Work item
Which lines in the records below contain the word "block"? Return each of them.

Data entries
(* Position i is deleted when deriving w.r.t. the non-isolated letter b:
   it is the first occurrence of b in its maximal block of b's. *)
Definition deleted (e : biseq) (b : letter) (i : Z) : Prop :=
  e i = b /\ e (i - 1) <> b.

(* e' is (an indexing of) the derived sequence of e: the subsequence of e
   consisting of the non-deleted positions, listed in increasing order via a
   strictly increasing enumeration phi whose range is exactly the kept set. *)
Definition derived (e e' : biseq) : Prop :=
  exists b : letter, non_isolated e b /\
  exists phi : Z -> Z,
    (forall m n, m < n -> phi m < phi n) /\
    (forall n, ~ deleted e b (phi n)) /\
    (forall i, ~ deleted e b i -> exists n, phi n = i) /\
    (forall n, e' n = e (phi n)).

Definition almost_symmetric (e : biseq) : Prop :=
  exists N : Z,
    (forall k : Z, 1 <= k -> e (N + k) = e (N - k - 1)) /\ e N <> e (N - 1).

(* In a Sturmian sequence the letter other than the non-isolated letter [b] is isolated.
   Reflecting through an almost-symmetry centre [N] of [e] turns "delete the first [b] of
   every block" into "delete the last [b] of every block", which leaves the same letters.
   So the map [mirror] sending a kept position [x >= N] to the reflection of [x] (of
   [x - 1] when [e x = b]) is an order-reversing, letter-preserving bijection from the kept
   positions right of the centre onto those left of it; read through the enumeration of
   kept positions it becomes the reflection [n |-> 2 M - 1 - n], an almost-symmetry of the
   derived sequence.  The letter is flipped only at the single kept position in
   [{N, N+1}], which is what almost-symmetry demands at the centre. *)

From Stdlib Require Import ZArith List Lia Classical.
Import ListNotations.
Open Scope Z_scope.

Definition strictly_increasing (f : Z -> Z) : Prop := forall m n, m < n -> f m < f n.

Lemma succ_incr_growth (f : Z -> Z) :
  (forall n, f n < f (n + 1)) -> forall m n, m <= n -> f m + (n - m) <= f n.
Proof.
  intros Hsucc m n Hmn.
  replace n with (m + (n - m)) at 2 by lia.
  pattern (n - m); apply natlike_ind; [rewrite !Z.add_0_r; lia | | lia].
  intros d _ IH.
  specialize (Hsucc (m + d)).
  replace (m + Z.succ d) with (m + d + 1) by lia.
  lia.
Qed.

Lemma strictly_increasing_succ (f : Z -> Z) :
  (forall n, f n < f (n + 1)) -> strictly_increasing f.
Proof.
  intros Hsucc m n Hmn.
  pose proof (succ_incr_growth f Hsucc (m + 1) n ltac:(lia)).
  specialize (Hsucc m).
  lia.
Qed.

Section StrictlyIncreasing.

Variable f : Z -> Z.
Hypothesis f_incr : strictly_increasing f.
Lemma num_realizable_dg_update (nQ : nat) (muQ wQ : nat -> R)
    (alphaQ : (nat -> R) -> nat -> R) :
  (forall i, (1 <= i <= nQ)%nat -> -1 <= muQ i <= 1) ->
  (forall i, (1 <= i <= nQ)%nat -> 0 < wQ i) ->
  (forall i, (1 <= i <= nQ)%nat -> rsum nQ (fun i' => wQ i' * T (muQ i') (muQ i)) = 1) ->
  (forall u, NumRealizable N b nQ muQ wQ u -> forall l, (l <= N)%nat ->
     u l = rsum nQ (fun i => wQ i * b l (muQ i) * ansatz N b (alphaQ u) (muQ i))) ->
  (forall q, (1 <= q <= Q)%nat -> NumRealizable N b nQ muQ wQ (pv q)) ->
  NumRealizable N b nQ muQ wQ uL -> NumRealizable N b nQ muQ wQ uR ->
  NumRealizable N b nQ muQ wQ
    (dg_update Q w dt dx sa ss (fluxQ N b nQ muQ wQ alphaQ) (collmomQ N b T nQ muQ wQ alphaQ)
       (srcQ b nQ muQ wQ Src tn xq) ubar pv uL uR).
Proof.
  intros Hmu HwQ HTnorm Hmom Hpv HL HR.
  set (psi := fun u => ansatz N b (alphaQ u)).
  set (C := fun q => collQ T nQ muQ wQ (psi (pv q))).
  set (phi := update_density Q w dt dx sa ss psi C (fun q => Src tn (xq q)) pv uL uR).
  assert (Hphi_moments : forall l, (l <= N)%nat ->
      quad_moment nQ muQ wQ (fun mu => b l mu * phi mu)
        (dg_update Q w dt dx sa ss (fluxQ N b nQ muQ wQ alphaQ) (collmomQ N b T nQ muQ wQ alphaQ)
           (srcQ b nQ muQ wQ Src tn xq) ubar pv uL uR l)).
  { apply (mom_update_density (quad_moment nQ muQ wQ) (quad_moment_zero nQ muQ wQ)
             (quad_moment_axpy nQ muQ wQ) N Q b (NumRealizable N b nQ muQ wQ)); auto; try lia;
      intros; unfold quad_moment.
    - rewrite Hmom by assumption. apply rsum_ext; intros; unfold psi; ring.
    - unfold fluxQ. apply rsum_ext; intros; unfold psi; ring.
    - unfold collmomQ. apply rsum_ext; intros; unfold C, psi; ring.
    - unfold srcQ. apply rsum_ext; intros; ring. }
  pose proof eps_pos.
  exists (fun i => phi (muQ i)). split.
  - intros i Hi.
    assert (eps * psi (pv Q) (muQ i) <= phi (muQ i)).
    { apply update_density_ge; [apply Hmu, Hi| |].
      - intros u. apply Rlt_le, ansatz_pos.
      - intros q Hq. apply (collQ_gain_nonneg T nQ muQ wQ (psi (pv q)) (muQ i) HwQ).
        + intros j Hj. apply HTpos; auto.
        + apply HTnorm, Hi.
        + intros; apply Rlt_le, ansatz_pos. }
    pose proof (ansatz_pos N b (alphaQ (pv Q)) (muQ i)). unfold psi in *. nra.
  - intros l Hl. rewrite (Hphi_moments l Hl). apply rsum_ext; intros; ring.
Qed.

Exercise response
   it is the first occurrence of b in its maximal block of b's. *)
   every block" into "delete the last [b] of every block", which leaves the same letters.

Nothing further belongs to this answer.